═════ Dataset entries ═════
(* Let $\mathcal{H}$ be a hereditary $\sigma$-ring of sets, let $\mu^*$ be an outer measure on $\mathcal{H}$, let $X$ be a set with $X\cap\bigcup\mathcal{H}\neq\emptyset$, and let $\overline{\overline{S}}$ be the class of all $\mu^{**}$-measurable sets. If $A\in\mathcal{H}$ and $\{L_n\}_{n\ge1}$ is a disjoint sequence of sets in $\overline{\overline{S}}$ with $\bigcup_{n=1}^\infty L_n=L$, then $$\sup_{T\in\overline{\overline{S}}}\sum_{n=1}^\infty\mu^*(A\cap L_n\cap T)=\sum_{n=1}^\infty\sup_{T\in\overline{\overline{S}}}\mu^*(A\cap L_n\cap T).$$
   Context: A nonempty class $\mathcal{E}$ of sets is hereditary if $F\in\mathcal{E}$ whenever $E\in\mathcal{E}$ and $F\subseteq E$. A set $E\in\mathcal{H}$ is $\mu^*$-measurable if $\mu^*(A)=\mu^*(A\cap E)+\mu^*(A\cap E')$ for every $A\in\mathcal{H}$, where $E'$ denotes the complement of $E$. Let $\overline{S}$ denote the class of all $\mu^*$-measurable sets. Let $K=\{B\subseteq X: B\cap E\in\mathcal{H}\text{ for all }E\in\mathcal{H}\}$. A set $Q\in K$ is called $\mu^{**}$-measurable if $Q\cap E$ is $\mu^*$-measurable for every $\mu^*$-measurable $E\in\mathcal{H}$, i.e. for all $A\in\mathcal{H}$ and all $E\in\overline{S}$, $\mu^*(A)=\mu^*[A\cap(Q\cap E)]+\mu^*[A\cap(Q\cap E)']$. *)

From HB Require Import structures.
From mathcomp Require Import all_boot all_order all_algebra.
From mathcomp Require Import all_classical all_reals ereal sequences.
Set Implicit Arguments. Unset Strict Implicit. Unset Printing Implicit Defensive.
Import Order.TTheory GRing.Theory Num.Theory.
Local Open Scope classical_set_scope.
Local Open Scope ring_scope.
Local Open Scope ereal_scope.

Definition hereditary {U : Type} (H : set (set U)) : Prop :=
  H !=set0 /\ forall E F, H E -> F `<=` E -> H F.

Definition sigma_ring {U : Type} (H : set (set U)) : Prop :=
  H !=set0 /\
  (forall E F, H E -> H F -> H (E `\` F)) /\
  (forall F : nat -> set U, (forall n, H (F n)) -> H (\bigcup_n F n)).

Definition outer_measure_on {R : realType} {U : Type}
    (H : set (set U)) (mu : set U -> \bar R) : Prop :=
  mu set0 = 0 /\
  (forall E, H E -> 0 <= mu E) /\
  (forall E F, H E -> H F -> E `<=` F -> mu E <= mu F) /\
  (forall F : nat -> set U, (forall n, H (F n)) ->
     mu (\bigcup_n F n) <= \sum_(0 <= n <oo) mu (F n)).

Definition mstar_measurable {R : realType} {U : Type}
    (H : set (set U)) (mu : set U -> \bar R) (E : set U) : Prop :=
  H E /\ forall A, H A -> mu A = mu (A `&` E) + mu (A `&` ~` E).

Definition classK {U : Type} (X : set U) (H : set (set U)) : set (set U) :=
  [set B | B `<=` X /\ forall E, H E -> H (B `&` E)].

Definition mstarstar_measurable {R : realType} {U : Type}
    (X : set U) (H : set (set U)) (mu : set U -> \bar R) (Q : set U) : Prop :=
  classK X H Q /\
  forall E, mstar_measurable H mu E ->
    forall A, H A -> mu A = mu (A `&` (Q `&` E)) + mu (A `&` ~` (Q `&` E)).

(* The supremum on the right is attained at T = L_n, so the right-hand side is
   just the sum of the mu (A `&` L_n).  The left-hand side is at most that sum
   by monotonicity; conversely, the finite union T_N of L_0, ..., L_(N-1) is
   mu**-measurable and cuts nothing off the first N terms, so every partial sum
   is below the left-hand supremum. *)

From HB Require Import structures.
From mathcomp Require Import all_boot all_order all_algebra.
From mathcomp Require Import all_classical all_reals ereal sequences.
From mathcomp Require Import topology normedtype.
Set Implicit Arguments. Unset Strict Implicit. Unset Printing Implicit Defensive.
Import Order.TTheory GRing.Theory Num.Theory.
Local Open Scope classical_set_scope.
Local Open Scope ring_scope.
Local Open Scope ereal_scope.

Section hereditary_sigma_ring.
Variables (U : Type) (H : set (set U)).
Hypotheses (hH : hereditary H) (sH : sigma_ring H).

Lemma hereditary_sub E F : H E -> F `<=` E -> H F.
Proof. by case: hH => _; apply. Qed.

Lemma hereditary_set0 : H set0.
Proof. by case: hH => -[E HE] _; apply: hereditary_sub HE _. Qed.

Lemma hereditary_setIl E F : H E -> H (E `&` F).
Proof. by move=> HE; apply: hereditary_sub HE _; apply: subIsetl. Qed.

Lemma sigma_ring_setU E F : H E -> H F -> H (E `|` F).
Proof.
move=> HE HF; case: sH => _ [_ bigcupH].
have -> : E `|` F = \bigcup_n (if n == 0%N then E else F).
  apply/seteqP; split=> [x [Ex|Fx]|x [[|n] _ /= ?]]; [by exists 0%N|by exists 1%N|by left|by right].
by apply: bigcupH => -[].
Qed.

End hereditary_sigma_ring.

Section mstarstar_measurable.
Variables (R : realType) (U : Type) (H : set (set U)) (mu : set U -> \bar R) (X : set U).
Hypotheses (hH : hereditary H) (sH : sigma_ring H) (omu : outer_measure_on H mu).

Lemma mstar_measurable_setU M1 M2 :
  mstar_measurable H mu M1 -> mstar_measurable H mu M2 ->
  mstar_measurable H mu (M1 `|` M2).
Proof.
move=> [HM1 split1] [HM2 split2]; split; first exact: (sigma_ring_setU sH).
move=> A HA.
have HAM1c : H (A `&` ~` M1) by exact: (hereditary_setIl hH).
have HAM12 : H (A `&` (M1 `|` M2)) by exact: (hereditary_setIl hH).
rewrite (split1 _ HA) (split2 _ HAM1c) (split1 _ HAM12) addeA.
congr (mu _ + mu _ + mu _); apply/seteqP; split=> x /=; rewrite /setC; tauto.
Qed.

Lemma mstarstar_measurable_setU Q1 Q2 :
  mstarstar_measurable X H mu Q1 -> mstarstar_measurable X H mu Q2 ->
  mstarstar_measurable X H mu (Q1 `|` Q2).
Proof.
move=> [[XQ1 KQ1] split1] [[XQ2 KQ2] split2]; split.
  split; first by move=> x [/XQ1|/XQ2].
  by move=> E HE; rewrite setIUl; apply: (sigma_ring_setU sH); [apply: KQ1|apply: KQ2].
move=> E mE; rewrite setIUl.
have [HE _] := mE.
by apply: (mstar_measurable_setU (conj (KQ1 E HE) (split1 E mE))
                                 (conj (KQ2 E HE) (split2 E mE))).2.
Qed.

Lemma mstarstar_measurable_set0 : mstarstar_measurable X H mu set0.
Proof.
split; first by split=> // E _; rewrite set0I; exact: (hereditary_set0 hH).
by move=> E _ A _; case: omu => mu0 _; rewrite set0I setI0 setC0 setIT mu0 add0e.
Qed.

Lemma mstarstar_measurable_bigcup_ord (F : nat -> set U) N :
  (forall n, mstarstar_measurable X H mu (F n)) ->
  mstarstar_measurable X H mu (\bigcup_(k < N) F k).
Proof.
move=> mF; rewrite bigcup_mkord.
elim: N => [|N IH]; first by rewrite big_ord0; exact: mstarstar_measurable_set0.
by rewrite big_ord_recr; apply: mstarstar_measurable_setU.
Qed.

Lemma ereal_sup_mu_setI (P : set (set U)) B Q :
  H B -> P Q -> B `<=` Q -> ereal_sup [set mu (B `&` T) | T in P] = mu B.
Proof.
move=> HB PQ BQ; case: omu => _ [_ [mu_mono _]].
apply/le_anti/andP; split; last first.
  by apply: ereal_sup_ubound; exists Q => //; rewrite setIidl.
apply: ge_ereal_sup => _ [T _ <-].
have HBT : H (B `&` T) by exact: (hereditary_setIl hH).
by apply: mu_mono => //; apply: subIsetl.
Qed.

Lemma ereal_sup_nneseries_mu_setI_le (P : set (set U)) A (F : nat -> set U) :
  H A ->
  ereal_sup [set \sum_(0 <= n <oo) mu (A `&` F n `&` T) | T in P]
  <= \sum_(0 <= n <oo) mu (A `&` F n).
Proof.
move=> HA; case: omu => _ [mu_ge0 [mu_mono _]].
apply: ge_ereal_sup => _ [T _ <-].
have HAFT n : H (A `&` F n `&` T) by do 2 apply: (hereditary_setIl hH).
apply: lee_nneseries => [n _ _|n _]; first exact: mu_ge0.
have HAF : H (A `&` F n) by exact: (hereditary_setIl hH).
by apply: mu_mono => //; apply: subIsetl.
Qed.

Lemma nneseries_mu_setI_le_ereal_sup A (F : nat -> set U) :
  H A -> (forall n, mstarstar_measurable X H mu (F n)) ->
  \sum_(0 <= n <oo) mu (A `&` F n)
  <= ereal_sup [set \sum_(0 <= n <oo) mu (A `&` F n `&` T)
               | T in mstarstar_measurable X H mu].
Proof.
move=> HA mF; case: omu => _ [mu_ge0 _].
have mu_setI_ge0 T n : 0 <= mu (A `&` F n `&` T).
  by apply: mu_ge0; do 2 apply: (hereditary_setIl hH).
apply: lime_le.
  by apply: is_cvg_nneseries => n _ _; apply: mu_ge0; exact: (hereditary_setIl hH).
apply: nearW => N; pose TN := \bigcup_(k < N) F k.
apply: le_trans (ereal_sup_ubound _); last first.
  by exists TN => //; exact: mstarstar_measurable_bigcup_ord.
apply: le_trans (nneseries_lim_ge N _); last by move=> n _ _; exact: mu_setI_ge0.
rewrite !big_mkord; apply: lee_sum => i _.
by rewrite [A `&` F i `&` TN]setIidl // => x [_ Fix]; exists i => //=; exact: ltn_ord.
Qed.

End mstarstar_measurable.

Theorem lemma3p3 (R : realType) (U : Type) (H : set (set U))
  (mu : set U -> \bar R) (X : set U)
  (hH : hereditary H) (sH : sigma_ring H) (omu : outer_measure_on H mu)
  (hX : (X `&` \bigcup_(E in H) E) !=set0)
  (A : set U) (Ln : nat -> set U) (L : set U)
  (hA : H A)
  (hLn : forall n, mstarstar_measurable X H mu (Ln n))
  (hdisj : trivIset setT Ln)
  (hL : \bigcup_n Ln n = L) :
  ereal_sup [set \sum_(0 <= n <oo) mu (A `&` Ln n `&` T)
             | T in mstarstar_measurable X H mu]
  = \sum_(0 <= n <oo)
      ereal_sup [set mu (A `&` Ln n `&` T) | T in mstarstar_measurable X H mu].
Proof.
have sup_attained n :
    ereal_sup [set mu (A `&` Ln n `&` T) | T in mstarstar_measurable X H mu]
    = mu (A `&` Ln n).
  apply: (ereal_sup_mu_setI hH omu (hereditary_setIl hH _ hA) (hLn n)).
  exact: subIsetr.
rewrite (eq_eseriesr (fun n _ => sup_attained n)).
apply/le_anti/andP; split.
- exact: (@ereal_sup_nneseries_mu_setI_le _ _ _ _ hH omu _ A Ln hA).
- exact: (nneseries_mu_setI_le_ereal_sup hH sH omu hA hLn).
Qed.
═════
**Task requirements**
Set apart and copy each line of the records that holds the word "last".

**Solution to the problem**
apply/le_anti/andP; split; last first.
apply: le_trans (ereal_sup_ubound _); last first.
apply: le_trans (nneseries_lim_ge N _); last by move=> n _ _; exact: mu_setI_ge0.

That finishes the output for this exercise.